Karol Palczak
29.09 – 19.11.2022

Foksal Gallery Foundation

The Polish word ŚREŻOGA has almost been forgotten and its meaning is ambiguous. All the settings it refers to have one common feature: they all belong to the natural world and relate to atmosphere. We deal with śreżoga when in autumn and early winter, a sudden frost withers leaves on trees and flowers. The term may also be used to describe the glare of sunrays, when on a bright day the sunshine passes through a layer of fog or smoke. It can sometimes be understood to describe the convective movement of air on a hot day creating an impression of haze that looks like water spilling over heated ground or asphalt in the distance.

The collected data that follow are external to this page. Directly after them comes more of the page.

(* One of [a], [b] is at least [s/2]; the decay of [a^p] absorbs whatever
   the factor [b^beta] fails to provide. *)
Lemma Rpower_split_le a b s beta p : 1 <= a -> 1 <= b -> 0 < s -> s <= a + b ->
  beta < 0 -> p <= beta -> p <= -6 ->
  Rpower b beta * Rpower a p <= Rpower (s / 2) beta * (Rpower a (-6) + Rpower b (-6)).
Proof.
  intros Ha Hb Hs Hab Hbeta Hpb Hp6.
  pose proof (Rpower_pos a (-6)); pose proof (Rpower_pos b (-6)).
  pose proof (Rpower_pos (s / 2) beta); pose proof (Rpower_pos b beta); pose proof (Rpower_pos a p).
  assert (Hap6 : Rpower a p <= Rpower a (-6)) by (apply Rle_Rpower; lra).
  destruct (Rle_dec b a) as [Hba|Hab'].
  - assert (Has : Rpower a beta <= Rpower (s / 2) beta) by (apply Rpower_le_base_nonpos; lra).
    assert (Hmain : Rpower b beta * Rpower a p <= Rpower b (-6) * Rpower a beta).
    { destruct (Rle_dec (-6) beta).
      - replace (Rpower b beta) with (Rpower b (-6) * Rpower b (beta + 6))
          by (rewrite <- Rpower_plus; f_equal; ring).
        assert (Rpower b (beta + 6) <= Rpower a (beta + 6)) by (apply Rle_Rpower_l; lra).
        assert (Rpower a (beta + 6) * Rpower a p <= Rpower a beta)
          by (rewrite <- Rpower_plus; apply Rle_Rpower; lra).
        pose proof (Rpower_pos b (beta + 6)).
        rewrite Rmult_assoc; apply Rmult_le_compat_l; nra.
      - apply Rmult_le_compat; try lra; apply Rle_Rpower; lra. }
    nra.
  - assert (Hbs : Rpower b beta <= Rpower (s / 2) beta) by (apply Rpower_le_base_nonpos; lra).
    assert (Rpower b beta * Rpower a p <= Rpower (s / 2) beta * Rpower a (-6))
      by (apply Rmult_le_compat; lra).
    nra.
Qed.

(* [Phi] is a bounded discrete primitive of a majorant of [weight1], so sums of [weight1]
   over intervals telescope. *)
Definition weight1 (y : Z) : R := / (1 + IZR y ^ 2).
Definition Phi (y : Z) : R := if (0 <=? y)%Z then - 3 / (IZR y + 1) else 3 / (1 - IZR y) - 6.

Lemma weight1_pos y : 0 < weight1 y.
Proof. apply Rinv_0_lt_compat; pose proof (pow2_ge_0 (IZR y)); lra. Qed.

Lemma weight1_opp y : weight1 (- y) = weight1 y.
Proof. unfold weight1; rewrite opp_IZR; f_equal; ring. Qed.

Lemma Phi_bound y : -6 <= Phi y <= 0.
Proof.
  unfold Phi; destruct (0 <=? y)%Z eqn:E.
  - apply Z.leb_le, IZR_le in E.
    assert (0 < / (IZR y + 1) <= 1)
      by (split; [apply Rinv_0_lt_compat | rewrite <- Rinv_1; apply Rinv_le_contravar]; lra).
    unfold Rdiv; nra.
  - apply Z.leb_gt, IZR_lt in E.
    assert (0 < / (1 - IZR y) <= 1)
      by (split; [apply Rinv_0_lt_compat | rewrite <- Rinv_1; apply Rinv_le_contravar]; lra).
    unfold Rdiv; nra.
Qed.

Lemma Rinv_le_3_div A B : 0 < B -> B <= 3 * A -> / A <= 3 / B.
Proof.
  intros HB H; replace (3 / B) with (/ (B / 3)) by (field; lra).
  apply Rinv_le_contravar; lra.
Qed.
Lemma half_word_moves k : half_word k != k.
Proof. by case: k => A s; rewrite /half_word xpair_eqE eqxx /= col_shift_moves //; lia. Qed.

Lemma in_shift_half p k : in_shift (cshift h p) k = in_shift p (half_word k).
Proof. by case: k => A s; rewrite /in_shift /= col_shiftD col_shift_val col_shift_mod addnC. Qed.
End HalfTurn.

Section Code.
Variables (C : {set 'M[bool]_(u, v)}).
Hypothesis C_OOC : is_OOC C.

Definition shift_blocks : {set shifted_word} := [set k | k.1 \in C].

Lemma shift_block_size k : k \in shift_blocks -> #|[set p | in_shift p k]| = 4.
Proof.
case: k => A s; rewrite inE /= => AC; move: C_OOC => /andP [/forall_inP /(_ A AC) /eqP].
by rewrite hweight_card -(card_cshift _ s) => <-.
Qed.

(* Two distinct shifted codewords meet in corr A B r cells, where r is their
   relative shift, which is nonzero if A = B. *)
Lemma shift_block_meet k k' : k \in shift_blocks -> k' \in shift_blocks -> k != k' ->
  #|[set p | in_shift p k && in_shift p k']| <= 2.
Proof.
case: k k' => [A s] [B t]; rewrite !inE /= => AC BC kk'.
pose r := col_shift t (v - s).
have -> : #|[set p | in_shift p (A, s) && in_shift p (B, t)]| = corr A B r.
  rewrite corr_card -(card_cshift _ (v - s)); apply: eq_card => p.
  rewrite !inE /in_shift /= !col_shiftD subnK ?(ltnW (ltn_ord s)) // col_shift_v.
  by rewrite col_shift_val col_shift_mod addnC.
move: C_OOC => /andP [_ /forall_inP /(_ A AC) /forall_inP /(_ B BC) /forallP /(_ r)].
move=> /implyP; apply; case: (eqVneq A B) => [eAB|] //=; rewrite col_shift_val modn_mod.
by apply: rel_shift_neq0; apply: contraNneq kk' => ->; rewrite eAB.
Qed.

Lemma card_shift_blocks : #|shift_blocks| = #|C| * v.
Proof.
have -> : shift_blocks = setX C [set: 'I_v] by apply/setP => k; rewrite !inE andbT.
by rewrite cardsX cardsT card_ord.
Qed.
End Code.
End Cells.

Lemma OOC_count_bound u v (C : {set 'M[bool]_(u, v)}) h d :
  is_OOC C -> 0 < u -> h + h = v -> 0 < h -> 4 %| u * v ->
  (u * v - 1) * (u * v - 2) = 6 * d + 8 -> 4 * (#|C| * v) < u * v * d.
Proof.
move=> C_OOC u0 hh h0 uv4 nd.
have cell0 : 'I_u * 'I_v by split; [exact: Ordinal u0 | apply: (@Ordinal v 0); lia].
have card_cell : #|{: 'I_u * 'I_v}| = u * v by rewrite card_prod !card_ord.
rewrite -card_shift_blocks -card_cell.
apply: (@packing_bound _ _ (@in_shift u v) (shift_blocks C) _ _ _ (cshift h) (half_word h)).
- exact: shift_block_size.
- exact: shift_block_meet.
- by rewrite card_cell.
- exact: cshift_halfK hh.
- exact: cshift_half_moves.
- exact: half_wordK hh.
- exact: half_word_moves.
- exact: in_shift_half.
- by move=> k; rewrite !inE.
- exact: cell0.
- by rewrite card_cell.
Qed.

(* With n = u v = 24 m, the bound of the theorem is 3 a D - 1 where u = 12 a
   and D = 96 m^2 - 12 m - 1; note (n - 1)(n - 2) = 6 D + 8. *)
Lemma bound_closed_form u a m : u = 12 * a -> 0 < m ->
  (u * (((24 * m - 1) * ((24 * m - 2) %/ 2)) %/ 3 - 1)) %/ 4 - 1
  = 3 * a * (96 * m * m - 12 * m - 1) - 1.
Proof.
move=> -> m0.
have -> : (24 * m - 2) %/ 2 = 12 * m - 1.
  by rewrite -(@mulnK (12 * m - 1) 2) //; congr (_ %/ 2); lia.
have -> : (24 * m - 1) * (12 * m - 1) = (96 * m * m - 12 * m) * 3 + 1 by nia.
rewrite divnMDl // (divn_small (isT : 1 < 3)) addn0.
have -> : 12 * a * (96 * m * m - 12 * m - 1) = 3 * a * (96 * m * m - 12 * m - 1) * 4 by lia.
by rewrite mulnK.
Qed.

Theorem lemma5p2 (u v : nat) :
  0 < u -> u %% 12 = 0 -> (v %% 6 = 2 \/ v %% 6 = 4) ->
  Phi u v <=
    (u * (((u * v - 1) * ((u * v - 2) %/ 2)) %/ 3 - 1)) %/ 4 - 1.
Proof.
move=> u0 u12 v6.
have [a ua] : exists a, u = 12 * a by exists (u %/ 12); lia.
have [h vh] : exists h, v = h + h by exists (v %/ 2); lia.
have h0 : 0 < h by lia.
have uvm : u * v = 24 * (a * h) by rewrite ua vh; lia.
have m0 : 0 < a * h by rewrite muln_gt0; apply/andP; split; lia.
move: (a * h) uvm m0 => m uvm m0; set D := 96 * m * m - 12 * m - 1.
have nD : (u * v - 1) * (u * v - 2) = 6 * D + 8 by rewrite uvm /D; nia.
have uv4 : 4 %| u * v by rewrite uvm; lia.
rewrite uvm (bound_closed_form ua m0); apply/bigmax_leqP => C C_OOC.
have := OOC_count_bound C_OOC u0 (esym vh) h0 uv4 nD.
move: #|C| => c; rewrite ua => lt.
have : v * (4 * c) < v * (4 * (3 * a * D)) by lia.
by rewrite !ltn_pmul2l ?vh //; lia.
Qed.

Thus śreżoga is something that can be observed outdoors, in the open: in a woodland, on a meadow, but also above a road. It is a visual phenomenon to be seen in winter as well as in summer. In Jan Andrzej Morsztyn's sonnet titled “To a Corpse”, regarded as a classic in the history of Polish literature, śreżoga is a scorching condition that torments an unhappy lover. "Thou speakest not, I cannot cease to moan all day. / Thy senses gone, I suffer from a dreadful pain. / Thou cold as ice, my entrails burn with flames insane." * In Morsztyn's work śreżoga, translated here as “flames insane”, acquires an additional metaphorical meaning, as it symbolizes feelings and emotional states. The word used by the poet shares certain characteristics with the concept of atmosphere. His śreżoga refers as much to the state of the air it describes as to the state of mind that is reflected, as it were, by its surroundings.